▸ **SOURCE INFORMATION**
(* Proof idea: AIMD matrices are nonnegative and column stochastic, hence
   nonexpansive for the 1-norm and preserving e^T z.  Block (c, k) of
   Gamma zeta is the mean of P_N z_{c,1}, ..., P_{N-k} z_{c,1}, which gives
   (a) and (b).  On vectors with e^T z = 0 the drop matrix acts like
   A_1 - (1 - beta_c) alpha e^T / (e^T alpha), a nonnegative matrix with
   column sums beta_c, so A_1^m contracts them by beta_c^m.  Block (c, k) of
   Gamma_1 zeta is thus bounded by the mean of beta_c^N, ..., beta_c^(N-k),
   the k+1 smallest powers among beta_c, ..., beta_c^N, hence by the mean of
   all of them, which is at most beta_c < 1. *)

From HB Require Import structures.
From mathcomp Require Import all_boot all_order all_algebra ring.
Import Order.TTheory GRing.Theory Num.Theory.
Local Open Scope ring_scope.
Set Implicit Arguments. Unset Strict Implicit. Unset Printing Implicit Defensive.

Section StochasticMatrices.
Variables (R : realFieldType) (n : nat).
Implicit Types (M : 'M[R]_n) (v : 'cV[R]_n).

Lemma evecT_mulmx v : ((evec R n)^T *m v) 0 0 = \sum_i v i 0.
Proof. by rewrite !mxE; apply: eq_bigr => i _; rewrite !mxE mul1r. Qed.

Lemma norm1_ge0 v : 0 <= norm1 v.
Proof. exact: sumr_ge0. Qed.

Lemma norm1Z (a : R) v : norm1 (a *: v) = `|a| * norm1 v.
Proof. by rewrite /norm1 mulr_sumr; apply: eq_bigr => i _; rewrite mxE normrM. Qed.

Lemma norm1_sum (I : finType) (F : I -> 'cV[R]_n) :
  norm1 (\sum_k F k) <= \sum_k norm1 (F k).
Proof.
rewrite /norm1 exchange_big /=; apply: ler_sum => i _.
by rewrite summxE ler_norm_sum.
Qed.

Lemma norm1_mean_le k (F : 'I_k.+1 -> 'cV[R]_n) (x : 'I_k.+1 -> R) :
  (forall i, norm1 (F i) <= x i) ->
  norm1 ((k.+1%:R)^-1 *: \sum_i F i) <= (k.+1%:R)^-1 * \sum_i x i.
Proof.
move=> Fx; rewrite norm1Z ger0_norm ?invr_ge0 ?ler0n //.
rewrite ler_wpM2l ?invr_ge0 ?ler0n //.
exact: le_trans (norm1_sum _) (ler_sum _ (fun i _ => Fx i)).
Qed.

Lemma norm1_mulmx_le M (c : R) v :
  (forall i j, 0 <= M i j) -> (forall j, \sum_i M i j <= c) ->
  norm1 (M *m v) <= c * norm1 v.
Proof.
move=> M_ge0 M_colsum; rewrite /norm1.
apply: (@le_trans _ _ (\sum_i \sum_j M i j * `|v j 0|)).
  apply: ler_sum => i _; rewrite mxE (le_trans (ler_norm_sum _ _ _)) //.
  by apply: ler_sum => j _; rewrite normrM ger0_norm.
rewrite exchange_big mulr_sumr; apply: ler_sum => j _.
by rewrite -mulr_suml ler_wpM2r.
Qed.

Lemma sum_mulmx M v :
  (forall j, \sum_i M i j = 1) -> \sum_i (M *m v) i 0 = \sum_i v i 0.
Proof.
move=> M_colsum; under eq_bigr do rewrite mxE.
by rewrite exchange_big; apply: eq_bigr => j _; rewrite -mulr_suml M_colsum mul1r.
Qed.

Definition col_stochastic M :=
  (forall i j, 0 <= M i j) /\ (forall j, \sum_i M i j = 1).

Lemma norm1_Pprod_const_le (A : 'M[R]_n) (b : R) v :
  0 <= b -> (forall j, \sum_i A i j = 1) ->
  (forall w : 'cV[R]_n, \sum_i w i 0 = 0 -> norm1 (A *m w) <= b * norm1 w) ->
  \sum_i v i 0 = 0 -> forall m, norm1 (Pprod (fun _ => A) m *m v) <= b ^+ m * norm1 v.
Proof.
move=> b_ge0 A_colsum A_contract v_sum0.
have Pv_sum0 m : \sum_i (Pprod (fun _ => A) m *m v) i 0 = 0.
  by elim: m => [|m IHm] /=; rewrite ?mul1mx // -mulmxA sum_mulmx.
elim=> [|m IHm] /=; first by rewrite mul1mx expr0 mul1r.
rewrite -mulmxA (le_trans (A_contract _ (Pv_sum0 m))) //.
by rewrite exprS -mulrA ler_wpM2l.
Qed.

Variables (C : nat -> 'M[R]_n) (K : nat).
Hypothesis C_stochastic : forall m, (1 <= m <= K)%N -> col_stochastic (C m).

Lemma norm1_Pprod_le m v : (m <= K)%N -> norm1 (Pprod C m *m v) <= norm1 v.
Proof.
elim: m => [|m IHm] mK /=; first by rewrite mul1mx.
have [C_ge0 C_colsum] := C_stochastic (m := m.+1) mK.
rewrite -mulmxA; apply: le_trans (IHm (ltnW mK)).
rewrite -[X in _ <= X]mul1r; apply: norm1_mulmx_le => // j.
by rewrite C_colsum.
Qed.

Lemma sum_Pprod m v : (m <= K)%N -> \sum_i (Pprod C m *m v) i 0 = \sum_i v i 0.
Proof.
elim: m => [|m IHm] mK /=; first by rewrite mul1mx.
have [_ C_colsum] := C_stochastic (m := m.+1) mK.
by rewrite -mulmxA sum_mulmx // IHm // ltnW.
Qed.

Lemma norm1_mean_Pprod_le k v :
  norm1 ((k.+1%:R)^-1 *: \sum_(i < k.+1) (Pprod C (K - i) *m v)) <= norm1 v.
Proof.
apply: le_trans (norm1_mean_le (x := fun _ => norm1 v) _) _.
  by move=> i; rewrite norm1_Pprod_le ?leq_subr.
by rewrite sumr_const card_ord -[norm1 v *+ _]mulr_natl mulKf ?pnatr_eq0.
Qed.

End StochasticMatrices.

Section PowerMeans.
Variable R : realFieldType.

(* [qrate N betaa betab] unfolds to the maximum of the two [powmean N (betamax _)]. *)
Definition powmean (N : nat) (b : R) := (N%:R)^-1 * \sum_(1 <= i < N.+1) b ^+ i.

Lemma mean_nondecreasing (u : nat -> R) k m :
  (forall i j, (i <= j)%N -> u i <= u j) -> (k <= m)%N ->
  (k.+1%:R)^-1 * \sum_(i < k.+1) u i <= (m.+1%:R)^-1 * \sum_(i < m.+1) u i.
Proof.
move=> u_mono; elim: m => [|m IHm]; first by rewrite leqn0 => /eqP ->.
rewrite leq_eqVlt ltnS => /predU1P [-> // | /IHm /le_trans]; apply.
have sum_le : \sum_(i < m.+1) u i <= m.+1%:R * u m.+1.
  have -> : m.+1%:R * u m.+1 = \sum_(i < m.+1) u m.+1.
    by rewrite sumr_const card_ord mulr_natl.
  by apply: ler_sum => i _; rewrite u_mono // ltnW.
rewrite [in X in _ <= X]big_ord_recr /= -[m.+2%:R]natr1; move: sum_le.
set S := \sum_(i < m.+1) u i; set x := u m.+1.
have a_gt0 : 0 < m.+1%:R :> R by rewrite ltr0n.
set a := m.+1%:R in a_gt0 * => S_le; clearbody a.
rewrite -subr_ge0.
have -> : (a + 1)^-1 * (S + x) - a^-1 * S = (a * x - S) / (a * (a + 1)).
  by field; rewrite !gt_eqF // addr_gt0.
by rewrite divr_ge0 ?subr_ge0 ?mulr_ge0 ?addr_ge0 ?(ltW a_gt0).
Qed.

Lemma mean_pow_le_powmean (b : R) N k : 0 <= b <= 1 -> (k < N)%N ->
  (k.+1%:R)^-1 * \sum_(i < k.+1) b ^+ (N - i) <= powmean N b.
Proof.
move=> /andP [b_ge0 b_le1] kN.
have -> : powmean N b = (N.-1.+1%:R)^-1 * \sum_(i < N.-1.+1) b ^+ (N - i).
  rewrite prednK ?(leq_ltn_trans _ kN) // /powmean big_add1 /=.
  rewrite -(big_mkord xpredT (fun i => b ^+ (N - i))) big_nat_rev /=.
  by congr (_ * _); apply: eq_big_nat => i /andP [_ iN]; rewrite add0n subnSK.
(* [i |-> b ^+ (N - i)] is nondecreasing, also past [N] thanks to truncated subtraction. *)
apply: (mean_nondecreasing (u := fun i => b ^+ (N - i))) => [i j ij|].
  by rewrite ler_wiXn2l // leq_sub2l.
by rewrite -ltnS prednK ?(leq_ltn_trans _ kN).
Qed.

Lemma powmean_ge0 (b : R) N : 0 <= b -> 0 <= powmean N b.
Proof. by move=> b_ge0; rewrite mulr_ge0 ?invr_ge0 ?sumr_ge0 // => i _; rewrite exprn_ge0. Qed.

Lemma powmean_le (b : R) N : (0 < N)%N -> 0 <= b <= 1 -> powmean N b <= b.
Proof.
move=> N_gt0 /andP [b_ge0 b_le1].
have sum_le : \sum_(1 <= i < N.+1) b ^+ i <= \sum_(1 <= i < N.+1) b.
  by apply: ler_sum_nat => i /andP [i_gt0 _]; rewrite -[X in _ <= X]expr1 ler_wiXn2l.
rewrite sumr_const_nat subn1 /= -mulr_natl in sum_le.
have N_neq0 : N%:R != 0 :> R by rewrite pnatr_eq0 -lt0n.
by rewrite /powmean -[X in _ <= X](mulKf N_neq0) ler_wpM2l ?invr_ge0.
Qed.

End PowerMeans.

Section AIMDMatrices.
Variables (R : realFieldType) (n : nat) (alpha : 'cV[R]_n).
Hypothesis alpha_gt0 : forall i, 0 < alpha i 0.
Implicit Types (bt beta v : 'cV[R]_n).

Lemma aimd_mxE bt i j :
  aimd_mx alpha bt i j =
  (i == j)%:R * bt j 0 + (\sum_k alpha k 0)^-1 * (alpha i 0 * (1 - bt j 0)).
Proof.
rewrite /aimd_mx evecT_mulmx !mxE big_ord1 !mxE.
by congr (_ + _); case: eqP => [->|]; rewrite ?mul1r ?mul0r.
Qed.

Lemma sum_alpha_gt0 (j : 'I_n) : 0 < \sum_k alpha k 0.
Proof.
rewrite (bigD1 j) //= ltr_pwDl ?alpha_gt0 //.
by apply: sumr_ge0 => k _; exact: ltW.
Qed.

▸ **WHAT YOU NEED TO DO**
Show each line from the material above where the string "Section" can be found.

▸ **YOUR SOLUTION**
Section StochasticMatrices.
Section PowerMeans.
Section AIMDMatrices.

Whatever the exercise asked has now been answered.